___ Source material

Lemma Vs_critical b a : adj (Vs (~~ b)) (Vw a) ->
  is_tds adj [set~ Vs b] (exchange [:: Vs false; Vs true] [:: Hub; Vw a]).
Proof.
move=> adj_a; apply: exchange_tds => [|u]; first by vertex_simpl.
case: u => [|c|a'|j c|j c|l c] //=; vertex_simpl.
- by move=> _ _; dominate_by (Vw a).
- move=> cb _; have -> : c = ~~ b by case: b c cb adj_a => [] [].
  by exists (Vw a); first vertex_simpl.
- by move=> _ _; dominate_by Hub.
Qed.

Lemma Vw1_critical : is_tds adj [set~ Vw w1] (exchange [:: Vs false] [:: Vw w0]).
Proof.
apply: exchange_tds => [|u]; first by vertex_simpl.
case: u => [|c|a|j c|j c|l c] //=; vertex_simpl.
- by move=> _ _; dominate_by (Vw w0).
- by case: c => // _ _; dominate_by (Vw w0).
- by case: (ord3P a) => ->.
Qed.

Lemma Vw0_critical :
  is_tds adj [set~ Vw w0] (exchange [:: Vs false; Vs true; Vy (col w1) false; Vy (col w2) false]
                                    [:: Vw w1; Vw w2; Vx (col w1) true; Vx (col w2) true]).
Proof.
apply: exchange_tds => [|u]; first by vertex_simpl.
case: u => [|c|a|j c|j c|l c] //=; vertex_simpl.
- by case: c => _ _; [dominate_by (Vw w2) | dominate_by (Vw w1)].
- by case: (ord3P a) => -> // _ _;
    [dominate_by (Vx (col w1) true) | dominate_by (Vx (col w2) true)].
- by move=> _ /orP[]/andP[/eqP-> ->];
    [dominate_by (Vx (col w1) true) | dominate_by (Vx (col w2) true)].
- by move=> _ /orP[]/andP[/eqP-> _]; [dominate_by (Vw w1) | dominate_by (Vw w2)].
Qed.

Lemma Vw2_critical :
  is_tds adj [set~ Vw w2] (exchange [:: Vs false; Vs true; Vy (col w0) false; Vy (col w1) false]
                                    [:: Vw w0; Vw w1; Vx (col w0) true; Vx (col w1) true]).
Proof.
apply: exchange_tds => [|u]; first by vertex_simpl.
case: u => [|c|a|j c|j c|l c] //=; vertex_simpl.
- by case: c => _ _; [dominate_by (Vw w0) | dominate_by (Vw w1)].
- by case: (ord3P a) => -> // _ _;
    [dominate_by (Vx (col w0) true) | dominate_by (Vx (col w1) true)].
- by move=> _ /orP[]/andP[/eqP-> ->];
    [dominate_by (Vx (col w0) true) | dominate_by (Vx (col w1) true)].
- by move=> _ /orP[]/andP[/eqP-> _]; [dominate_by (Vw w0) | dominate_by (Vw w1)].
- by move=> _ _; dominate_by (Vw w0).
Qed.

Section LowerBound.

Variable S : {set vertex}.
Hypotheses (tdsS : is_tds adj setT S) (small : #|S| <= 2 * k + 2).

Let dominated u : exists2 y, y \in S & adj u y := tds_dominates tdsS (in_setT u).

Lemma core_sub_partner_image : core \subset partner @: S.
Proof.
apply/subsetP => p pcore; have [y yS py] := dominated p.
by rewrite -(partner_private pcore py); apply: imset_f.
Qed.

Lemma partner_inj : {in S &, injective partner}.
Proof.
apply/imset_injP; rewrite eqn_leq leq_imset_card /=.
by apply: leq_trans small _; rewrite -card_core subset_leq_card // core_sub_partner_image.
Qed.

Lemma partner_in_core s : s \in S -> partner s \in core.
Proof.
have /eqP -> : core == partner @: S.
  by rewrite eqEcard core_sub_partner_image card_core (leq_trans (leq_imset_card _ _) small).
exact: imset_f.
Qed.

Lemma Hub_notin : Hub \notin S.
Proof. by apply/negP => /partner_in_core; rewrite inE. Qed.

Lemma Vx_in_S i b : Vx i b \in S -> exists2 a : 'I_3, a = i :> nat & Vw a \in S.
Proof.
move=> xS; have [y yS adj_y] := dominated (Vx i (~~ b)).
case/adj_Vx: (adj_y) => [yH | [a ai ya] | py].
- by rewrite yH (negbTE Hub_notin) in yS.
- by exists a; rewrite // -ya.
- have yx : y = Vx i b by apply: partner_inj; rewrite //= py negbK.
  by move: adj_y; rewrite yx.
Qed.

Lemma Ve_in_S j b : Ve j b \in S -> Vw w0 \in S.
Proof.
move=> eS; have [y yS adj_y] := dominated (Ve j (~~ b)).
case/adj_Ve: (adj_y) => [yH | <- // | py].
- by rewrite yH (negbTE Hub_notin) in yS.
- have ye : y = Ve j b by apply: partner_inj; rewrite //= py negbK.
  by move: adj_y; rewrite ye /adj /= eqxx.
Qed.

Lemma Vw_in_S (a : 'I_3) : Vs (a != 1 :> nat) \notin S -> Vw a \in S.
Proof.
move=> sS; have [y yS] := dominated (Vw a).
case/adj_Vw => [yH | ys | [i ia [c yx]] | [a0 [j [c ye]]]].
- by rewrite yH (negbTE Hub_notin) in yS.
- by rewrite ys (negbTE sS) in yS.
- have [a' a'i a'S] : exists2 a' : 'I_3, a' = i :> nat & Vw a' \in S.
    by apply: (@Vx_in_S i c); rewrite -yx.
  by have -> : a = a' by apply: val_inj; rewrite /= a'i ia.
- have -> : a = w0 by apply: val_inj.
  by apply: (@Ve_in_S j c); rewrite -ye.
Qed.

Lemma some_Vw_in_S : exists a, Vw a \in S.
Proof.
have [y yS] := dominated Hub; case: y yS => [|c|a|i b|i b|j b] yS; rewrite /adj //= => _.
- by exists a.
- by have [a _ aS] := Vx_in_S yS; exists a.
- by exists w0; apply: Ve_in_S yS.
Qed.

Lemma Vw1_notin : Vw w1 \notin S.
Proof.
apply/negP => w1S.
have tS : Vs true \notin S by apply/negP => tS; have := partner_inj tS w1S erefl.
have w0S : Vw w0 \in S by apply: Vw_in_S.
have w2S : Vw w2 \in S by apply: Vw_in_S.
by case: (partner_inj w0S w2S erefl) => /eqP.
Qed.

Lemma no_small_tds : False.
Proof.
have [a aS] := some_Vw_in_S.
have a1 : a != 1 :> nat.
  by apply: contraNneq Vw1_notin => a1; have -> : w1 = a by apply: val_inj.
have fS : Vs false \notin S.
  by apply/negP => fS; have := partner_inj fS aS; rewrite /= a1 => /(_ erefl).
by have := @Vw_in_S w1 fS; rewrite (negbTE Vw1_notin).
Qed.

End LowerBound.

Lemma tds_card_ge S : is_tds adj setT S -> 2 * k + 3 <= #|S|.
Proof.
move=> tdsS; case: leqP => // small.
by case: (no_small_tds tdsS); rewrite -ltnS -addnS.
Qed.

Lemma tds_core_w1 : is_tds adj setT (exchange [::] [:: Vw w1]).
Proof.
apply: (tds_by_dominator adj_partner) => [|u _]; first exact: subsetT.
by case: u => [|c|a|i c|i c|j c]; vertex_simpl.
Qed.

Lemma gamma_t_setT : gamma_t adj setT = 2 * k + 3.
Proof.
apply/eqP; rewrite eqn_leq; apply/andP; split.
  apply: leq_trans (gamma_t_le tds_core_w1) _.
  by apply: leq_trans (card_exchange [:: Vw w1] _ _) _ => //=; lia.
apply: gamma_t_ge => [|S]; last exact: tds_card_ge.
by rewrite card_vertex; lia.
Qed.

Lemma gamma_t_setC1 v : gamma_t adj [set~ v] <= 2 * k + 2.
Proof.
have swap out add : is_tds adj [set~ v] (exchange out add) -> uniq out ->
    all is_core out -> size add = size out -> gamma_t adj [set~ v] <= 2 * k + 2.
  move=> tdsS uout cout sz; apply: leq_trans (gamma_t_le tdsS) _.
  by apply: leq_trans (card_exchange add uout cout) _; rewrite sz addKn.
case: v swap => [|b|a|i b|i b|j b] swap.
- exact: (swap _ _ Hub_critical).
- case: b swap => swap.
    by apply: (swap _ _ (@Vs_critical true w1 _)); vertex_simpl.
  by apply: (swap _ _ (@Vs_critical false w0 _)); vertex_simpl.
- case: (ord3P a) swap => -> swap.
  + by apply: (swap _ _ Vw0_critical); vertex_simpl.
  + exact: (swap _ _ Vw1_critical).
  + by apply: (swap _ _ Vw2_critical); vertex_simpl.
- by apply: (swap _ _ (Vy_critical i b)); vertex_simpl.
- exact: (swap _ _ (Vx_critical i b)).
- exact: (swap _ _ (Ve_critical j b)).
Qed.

______

## Work to be completed
Could you transcribe the entries above word for word, from the line with "have fS : Vs false \notin S." down to the line with "move=> tdsS uout", keeping both?

## Result of this task
have fS : Vs false \notin S.
  by apply/negP => fS; have := partner_inj fS aS; rewrite /= a1 => /(_ erefl).
by have := @Vw_in_S w1 fS; rewrite (negbTE Vw1_notin).
Qed.

End LowerBound.

Lemma tds_card_ge S : is_tds adj setT S -> 2 * k + 3 <= #|S|.
Proof.
move=> tdsS; case: leqP => // small.
by case: (no_small_tds tdsS); rewrite -ltnS -addnS.
Qed.

Lemma tds_core_w1 : is_tds adj setT (exchange [::] [:: Vw w1]).
Proof.
apply: (tds_by_dominator adj_partner) => [|u _]; first exact: subsetT.
by case: u => [|c|a|i c|i c|j c]; vertex_simpl.
Qed.

Lemma gamma_t_setT : gamma_t adj setT = 2 * k + 3.
Proof.
apply/eqP; rewrite eqn_leq; apply/andP; split.
  apply: leq_trans (gamma_t_le tds_core_w1) _.
  by apply: leq_trans (card_exchange [:: Vw w1] _ _) _ => //=; lia.
apply: gamma_t_ge => [|S]; last exact: tds_card_ge.
by rewrite card_vertex; lia.
Qed.

Lemma gamma_t_setC1 v : gamma_t adj [set~ v] <= 2 * k + 2.
Proof.
have swap out add : is_tds adj [set~ v] (exchange out add) -> uniq out ->
    all is_core out -> size add = size out -> gamma_t adj [set~ v] <= 2 * k + 2.
  move=> tdsS uout cout sz; apply: leq_trans (gamma_t_le tdsS) _.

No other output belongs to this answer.